Réponse de le 25/02/2013 à 21:42 :
@gege
Demandez aux allemands et italiens si leurs pouvoirs d achat ont augmentes ...
Ne pas confondre productivite et pouvoir d' achat hein :)


Réponse de le 26/02/2013 à 9:53 :
Pourquoi, parce que le notre a augenté ???? nous ne sommes pas competitif mais notre pouvoir d'achat stagne voir meme regresse !!
Ne pas confondre productivité et pouvoir d'achat hum.....

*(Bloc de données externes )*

(* Let $k$ be a field and let $M$ be the $\mathrm{FI}^2$-module with $M_{a,b}=0$ for $(a,b)\in\{(0,0),(1,0),(0,1)\}$ and $M_{a,b}=k$ otherwise, in which every morphism induces the identity $k\to k$ or the zero map out of $0$. Then $M$ is indecomposable, and $M$ is not isomorphic to a direct sum of external tensor products $V\boxtimes W$ of $\mathrm{FI}$-modules $V,W$.
   Context: $\mathrm{FI}^2$ has objects pairs $(a,b)\in\mathbb{N}^2$ and morphisms pairs of injections $[a]\hookrightarrow[a']$, $[b]\hookrightarrow[b']$. An $\mathrm{FI}^2$-module is a functor to $k$-vector spaces. For $\mathrm{FI}$-modules $V,W$, $(V\boxtimes W)_{a,b}=V_a\otimes W_b$. *)

From HB Require Import structures.
From mathcomp Require Import all_boot all_order all_algebra.
Set Implicit Arguments. Unset Strict Implicit. Unset Printing Implicit Defensive.
Import GRing.Theory.
Local Open Scope ring_scope.

(* Objects: natural numbers a (standing for [a] = {0,..,a-1} = 'I_a).  We use finite functions and
   impose injectivity (injF) wherever a morphism is required. *)
Definition FImor (a a' : nat) := {ffun 'I_a -> 'I_a'}.
Definition injF (a a' : nat) (f : FImor a a') : bool := injectiveb f.
Definition idF (a : nat) : FImor a a := [ffun i => i].
Definition compF (a a' a'' : nat) (f' : FImor a' a'') (f : FImor a a') : FImor a a'' :=
  [ffun i => f' (f i)].

Record FImod (k : fieldType) := FIMod {
  FIobj : nat -> lmodType k;
  FImap : forall a a', FImor a a' -> FIobj a -> FIobj a' }.
Arguments FImap {k} _ {a a'} _ _.

Definition isFImod (k : fieldType) (V : FImod k) : Prop :=
  [/\ (forall a a' (f : FImor a a'), injF f -> linear (FImap V f)),
      (forall a (x : FIobj V a), FImap V (idF a) x = x) &
      (forall a a' a'' (f : FImor a a') (f' : FImor a' a''),
         injF f -> injF f' -> forall x : FIobj V a,
         FImap V (compF f' f) x = FImap V f' (FImap V f x))].

Record FI2mod (k : fieldType) := FI2Mod {
  F2obj : nat -> nat -> lmodType k;
  F2map : forall a b a' b', FImor a a' -> FImor b b' -> F2obj a b -> F2obj a' b' }.
Arguments F2map {k} _ {a b a' b'} _ _ _.

Definition isFI2mod (k : fieldType) (X : FI2mod k) : Prop :=
  [/\ (forall a b a' b' (f : FImor a a') (g : FImor b b'),
         injF f -> injF g -> linear (F2map X f g)),
      (forall a b (x : F2obj X a b), F2map X (idF a) (idF b) x = x) &
      (forall a b a' b' a'' b'' (f : FImor a a') (g : FImor b b')
              (f' : FImor a' a'') (g' : FImor b' b''),
         injF f -> injF g -> injF f' -> injF g' -> forall x : F2obj X a b,
         F2map X (compF f' f) (compF g' g) x = F2map X f' g' (F2map X f g x))].

Definition isFI2hom (k : fieldType) (A B : FI2mod k)
    (phi : forall a b, F2obj A a b -> F2obj B a b) : Prop :=
  (forall a b, linear (phi a b)) /\
  (forall a b a' b' (f : FImor a a') (g : FImor b b'), injF f -> injF g ->
     forall x : F2obj A a b, phi a' b' (F2map A f g x) = F2map B f g (phi a b x)).

Definition isZeroFI2 (k : fieldType) (X : FI2mod k) : Prop :=
  forall a b (x : F2obj X a b), x = 0.

(* [is_dsum N X iota]: the natural maps iota i : N i -> X induce an
   isomorphism  (direct sum over i of N i) ~= X, i.e. pointwise the induced map
   from the (finitely supported) direct sum is surjective and injective. *)
Definition is_dsum (k : fieldType) (I : eqType) (N : I -> FI2mod k) (X : FI2mod k)
    (iota : forall i a b, F2obj (N i) a b -> F2obj X a b) : Prop :=
  (forall i, isFI2hom (iota i)) /\
  (forall a b,
    (forall x : F2obj X a b, exists (s : seq I) (y : forall i, F2obj (N i) a b),
        x = \sum_(i <- s) iota i a b (y i)) /\
    (forall (s : seq I) (y : forall i, F2obj (N i) a b), uniq s ->
        \sum_(i <- s) iota i a b (y i) = 0 -> forall i, i \in s -> y i = 0)).
Arguments is_dsum {k I} N X iota.

Definition indecomposableFI2 (k : fieldType) (X : FI2mod k) : Prop :=
  ~ isZeroFI2 X /\
  forall (N : bool -> FI2mod k) (iota : forall i a b, F2obj (N i) a b -> F2obj X a b),
    (forall i, isFI2mod (N i)) -> is_dsum N X iota -> exists i, isZeroFI2 (N i).

Definition bilinear_map (k : fieldType) (U V Z : lmodType k) (phi : U -> V -> Z) : Prop :=
  (forall v, linear (fun u => phi u v)) /\ (forall u, linear (phi u)).

Definition is_tensor (k : fieldType) (U V T : lmodType k) (beta : U -> V -> T) : Prop :=
  bilinear_map beta /\
  forall (Z : lmodType k) (phi : U -> V -> Z), bilinear_map phi ->
    exists psi : T -> Z,
      [/\ linear psi, (forall u v, psi (beta u v) = phi u v) &
          (forall psi' : T -> Z, linear psi' -> (forall u v, psi' (beta u v) = phi u v) ->
             forall t, psi' t = psi t)].
Arguments is_tensor {k U V T} beta.

(* [is_ext_tensor V W X]: X ~= V ⊠ W, i.e. X_{a,b} = V_a ⊗ W_b (via beta) and
   the structure maps of X are V(f) ⊗ W(g). *)
Definition is_ext_tensor (k : fieldType) (V W : FImod k) (X : FI2mod k) : Prop :=
  exists beta : forall a b, FIobj V a -> FIobj W b -> F2obj X a b,
    (forall a b, is_tensor (beta a b)) /\
    (forall a b a' b' (f : FImor a a') (g : FImor b b'), injF f -> injF g ->
       forall v w, F2map X f g (beta a b v w) = beta a' b' (FImap V f v) (FImap W g w)).

(* dim M_{a,b} = 0 for (a,b) in {(0,0),(1,0),(0,1)} (i.e. a+b<2), else 1.
   M_{a,b} = k^{dim}, as row vectors; every structure map is the identity
   k -> k (the 1x1 all-ones matrix) or a map out of / into 0. *)
Definition dM (a b : nat) : nat := if (a + b < 2)%N then 0%N else 1%N.

Definition Mobj (k : fieldType) (a b : nat) : lmodType k := 'rV[k]_(dM a b).

Definition Mmap (k : fieldType) (a b a' b' : nat) (f : FImor a a') (g : FImor b b')
   (v : Mobj k a b) : Mobj k a' b' :=
  (v : 'rV[k]_(dM a b)) *m (const_mx 1 : 'M[k]_(dM a b, dM a' b')).

Definition Mmod (k : fieldType) : FI2mod k := @FI2Mod k (Mobj k) (@Mmap k).

From HB Require Import structures.
From mathcomp Require Import all_boot all_order all_algebra.
From mathcomp Require Import zify.
From Stdlib Require Import Classical.
Set Implicit Arguments. Unset Strict Implicit. Unset Printing Implicit Defensive.
Import GRing.Theory.
Local Open Scope ring_scope.

(* Every structure map of M is an identity k -> k or a map out of 0, so in any
   decomposition M = (+)_i N_i two nonzero elements, pushed forward to a common
   object (a,b) where M_{a,b} = k, become proportional; by directness they lie
   in the same summand.  Hence M is indecomposable, and a decomposition into
   external tensor products V_i ⊠ W_i has a single nonzero summand V ⊠ W.
   Since V_2 ⊗ W_0 = M_{2,0} and V_0 ⊗ W_2 = M_{0,2} are nonzero, the
   embeddings into M give nonzero functionals on V_0 and W_0 whose product
   factors through V_0 ⊗ W_0 = M_{0,0} = 0, a contradiction. *)

Section LinearFun.
Variables (k : fieldType) (U V : lmodType k) (f : U -> V).
Hypothesis f_lin : linear f.

Lemma linear_fun0 : f 0 = 0.
Proof. by rewrite -(subrr 0) (zmod_morphism_linear f_lin) subrr. Qed.

Lemma linear_funN u : f (- u) = - f u.
Proof. by rewrite -sub0r (zmod_morphism_linear f_lin) linear_fun0 sub0r. Qed.

Lemma linear_funZ a u : f (a *: u) = a *: f u.
Proof. by have := f_lin a u 0; rewrite !addr0 linear_fun0 addr0. Qed.

End LinearFun.

Lemma injF_leq a a' (f : FImor a a') : injF f -> (a <= a')%N.
Proof. by move/injectiveP/leq_card; rewrite !card_ord. Qed.

Definition widenF a c (le_ac : (a <= c)%N) : FImor a c :=
  [ffun x => widen_ord le_ac x].

Lemma injF_widenF a c (le_ac : (a <= c)%N) : injF (widenF le_ac).
Proof. by apply/injectiveP => x y; rewrite !ffunE => /(congr1 val) /= /val_inj. Qed.

Lemma dM_le1 a b : (dM a b <= 1)%N.
Proof. by rewrite /dM; case: ifP. Qed.

Lemma dM_leq a b a' b' : (a <= a')%N -> (b <= b')%N -> (dM a b <= dM a' b')%N.
Proof. by rewrite /dM; case: ifP; case: ifP => //; lia. Qed.

Section RowVectorsOfLengthAtMostOne.
Variable k : fieldType.

Lemma rV1_neq0 (x : 'rV[k]_1) : x != 0 -> x 0 0 != 0.
Proof. by apply: contra => /eqP x0; apply/eqP/rowP => j; rewrite ord1 x0 mxE. Qed.

Lemma rV_le1_proportional n (x y : 'rV[k]_n) :
  (n <= 1)%N -> x != 0 -> exists c, y = c *: x.
Proof.
case: n x y => [|[|//]] x y _ x_neq0; first by rewrite thinmx0 eqxx in x_neq0.
exists (y 0 0 / x 0 0); apply/rowP => j.
by rewrite ord1 mxE divfK // rV1_neq0.
Qed.

Lemma mul_rV_const1_id n (v : 'rV[k]_n) :
  (n <= 1)%N -> v *m (const_mx 1 : 'M_n) = v.
Proof.
case: n v => [|[|//]] v _; first by rewrite !thinmx0.
by apply/rowP => j; rewrite !mxE big_ord1 !mxE mulr1 !ord1.
Qed.

Lemma mul_rV_const1A m n p (v : 'rV[k]_m) :
  (m <= n)%N -> (n <= p)%N -> (p <= 1)%N ->
  v *m (const_mx 1 : 'M_(m, p)) =
    v *m (const_mx 1 : 'M_(m, n)) *m (const_mx 1 : 'M_(n, p)).
Proof.
case: m v => [|[|m]] v le_mn le_np le_p1; [by rewrite !thinmx0 !mul0mx | | lia].
have [-> ->] : n = 1%N /\ p = 1%N by lia.
by apply/rowP => j; rewrite !mxE !big_ord1 !mxE !big_ord1 !mxE !mulr1.
Qed.

Lemma mul_rV_const1_eq0 m n (v : 'rV[k]_m) : (m <= n)%N -> (m <= 1)%N ->
  v *m (const_mx 1 : 'M_(m, n)) = 0 -> v = 0.
Proof.
case: m v => [|[|//]] v le_mn _; first by rewrite !thinmx0.
case: n le_mn => // n _ /rowP /(_ ord0); rewrite !mxE big_ord1 !mxE mulr1 => v0.
by apply/rowP => j; rewrite ord1 v0 mxE.
Qed.

Lemma const1_rV1_neq0 : (const_mx 1 : 'rV[k]_1) != 0.
Proof. by apply/eqP => /rowP /(_ ord0); rewrite !mxE => /eqP; rewrite oner_eq0. Qed.

End RowVectorsOfLengthAtMostOne.

Lemma Mmod_isFI2mod (k : fieldType) : isFI2mod (Mmod k).
Proof.
split=> [a b a' b' f g _ _ c u v | a b x
        | a b a' b' a'' b'' f g f' g' f_inj g_inj f'_inj g'_inj x].
- by rewrite /= /Mmap mulmxDl scalemxAl.
- exact: mul_rV_const1_id (dM_le1 a b).
- apply: mul_rV_const1A; last exact: dM_le1.
  + by apply: dM_leq; apply: injF_leq; [exact: f_inj | exact: g_inj].
  + by apply: dM_leq; apply: injF_leq; [exact: f'_inj | exact: g'_inj].
Qed.

Section TensorProduct.
Variables (k : fieldType) (U V T : lmodType k) (beta : U -> V -> T).
Hypothesis beta_tensor : is_tensor beta.

Lemma is_tensor_pure_neq0 (t : T) : t != 0 -> exists u v, beta u v != 0.
Proof.
move=> t_neq0; apply: NNPP => no_pure.
have beta0 u v : beta u v = 0.
  by apply: NNPP => /eqP beta_neq0; apply: no_pure; exists u, v.
have [psi [_ _ psi_unique]] := beta_tensor.2 _ beta beta_tensor.1.
have zero_lin : linear (fun _ : T => (0 : T)) by move=> c x y; rewrite scaler0 addr0.
have id_eq := psi_unique id (fun c x y => erefl) (fun u v => erefl).
have zero_eq := psi_unique _ zero_lin (fun u v => esym (beta0 u v)).
by move: t_neq0; rewrite (id_eq t) -zero_eq eqxx.
Qed.

(* Pure tensors are detected by products of linear forms, which are bilinear
   and hence factor through [beta]. *)
Lemma is_tensor_neq0 (lam : U -> k^o) (mu : V -> k^o) u v :
  linear lam -> linear mu -> lam u != 0 -> mu v != 0 -> beta u v != 0.
Proof.
move=> lam_lin mu_lin lam_neq0 mu_neq0.
pose phi u v : k^o := lam u * mu v.
have phi_bilin : bilinear_map phi.
  split=> [v' | u'] c x y; rewrite /phi ?lam_lin ?mu_lin.
    by rewrite mulrDl -scalerAl.
  by rewrite mulrDr -scalerAr.
have [psi [psi_lin psi_beta _]] := beta_tensor.2 _ phi phi_bilin.
apply: contra (mulf_neq0 lam_neq0 mu_neq0) => /eqP beta0.
by rewrite -[_ * _]/(phi u v) -psi_beta beta0 (linear_fun0 psi_lin).
Qed.

End TensorProduct.

Section DirectSum.
Variables (k : fieldType) (I : eqType) (N : I -> FI2mod k) (X : FI2mod k).
Variable iota : forall i a b, F2obj (N i) a b -> F2obj X a b.
Arguments iota : clear implicits.
Hypothesis X_dsum : is_dsum N X iota.

Definition single i a b (z : F2obj (N i) a b) : forall j, F2obj (N j) a b :=
  fun j => match i =P j with
           | ReflectT e => eq_rect i (fun j => F2obj (N j) a b) z j e
           | ReflectF _ => 0
           end.

Lemma single_id i a b (z : F2obj (N i) a b) : single z i = z.
Proof. by rewrite /single; case: eqP => // e; rewrite (eq_axiomK e). Qed.

Lemma single_neq i j a b (z : F2obj (N i) a b) : i != j -> single z j = 0.
Proof. by rewrite /single; case: eqP. Qed.

Lemma iota_linear i a b : linear (iota i a b).
Proof. exact: (X_dsum.1 i).1. Qed.

Lemma iota0 i a b : iota i a b 0 = 0.
Proof. exact: linear_fun0 (@iota_linear i a b). Qed.

Lemma iotaN i a b (z : F2obj (N i) a b) : iota i a b (- z) = - iota i a b z.
Proof. exact: linear_funN (@iota_linear i a b) z. Qed.

Lemma iotaZ i a b c (z : F2obj (N i) a b) : iota i a b (c *: z) = c *: iota i a b z.
Proof. exact: linear_funZ (@iota_linear i a b) c z. Qed.

Lemma iota_eq0 i a b (z : F2obj (N i) a b) : iota i a b z = 0 -> z = 0.
Proof.
move=> iz0; have := (X_dsum.2 a b).2 [:: i] (single z) isT.
rewrite big_seq1 single_id => /(_ iz0 i).
by rewrite single_id mem_seq1 eqxx => ->.
Qed.

Lemma iota_neq0 i a b (z : F2obj (N i) a b) : z != 0 -> iota i a b z != 0.
Proof. by apply: contra => /eqP /iota_eq0 ->. Qed.

Lemma iota_add_eq0 i j a b (z : F2obj (N i) a b) (z' : F2obj (N j) a b) :
  i != j -> iota i a b z + iota j a b z' = 0 -> z' = 0.
Proof.
move=> neq_ij sum0; pose y m := single z m + single z' m.
have neq_ji : j != i by rewrite eq_sym.
have := (X_dsum.2 a b).2 [:: i; j] y; rewrite /= inE neq_ij => /(_ isT).
rewrite big_cons big_seq1 /y !single_id (single_neq z neq_ij) (single_neq z' neq_ji).
rewrite addr0 add0r => /(_ sum0 j); rewrite !inE eqxx orbT => /(_ isT).
by rewrite (single_neq z neq_ij) add0r single_id.
Qed.

Lemma dsum_cover a b (x : F2obj X a b) :
  x != 0 -> exists i (z : F2obj (N i) a b), z != 0.
Proof.
have [s [y ->]] := (X_dsum.2 a b).1 x.
case: (boolP (has (fun i => y i != 0) s)) => [/hasP [i _ yi] _ | /hasPn y0].
  by exists i, (y i).
by rewrite big1_seq ?eqxx // => i /andP [_ /y0 /negPn /eqP ->]; rewrite iota0.
Qed.

End DirectSum.

Section DirectSumOfMmod.
Variables (k : fieldType) (I : eqType) (N : I -> FI2mod k).
Variable iota : forall i a b, F2obj (N i) a b -> F2obj (Mmod k) a b.
Arguments iota : clear implicits.
Hypothesis M_dsum : is_dsum N (Mmod k) iota.

Lemma iota_widen_neq0 i a b c d (y : F2obj (N i) a b) :
  (a <= c)%N -> (b <= d)%N -> y != 0 -> exists z : F2obj (N i) c d, iota i c d z != 0.
Proof.
move=> le_ac le_bd y_neq0.
exists (F2map (N i) (widenF le_ac) (widenF le_bd) y).
rewrite ((M_dsum.1 i).2 _ _ _ _ _ _ (injF_widenF _) (injF_widenF _)) /= /Mmap.
apply: contra (iota_neq0 M_dsum y_neq0) => /eqP /mul_rV_const1_eq0 -> //.
  exact: dM_leq.
exact: dM_le1.
Qed.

Réponse de le 26/02/2013 à 10:01 :
Clair que nous nous ne sommes pas productif maius notre pouvoir d'achat explose, c'est bizarre j'ai du mal a vous croire, moi il y a deux ans avec mon salaire, et celui de ma femme ont arrivaient a mettre de coté un peu de sous sous, aujourd'hui a salaire equivalent (pas eu d'augmentation depuis ... ouch, je ne me souvient meme plus de la derniere c'est dire) j'ai du mal a finir les fins de mois, limite des mois je suis obligé de prendre sur mon epargne pour ne pas finir le mois dans le rouge !!!
Alors vos comparaisons ....A moins que vous fassiez parti de cette caste qui ne s'apercoit meme pas que la grogne monte de plus en plus !!!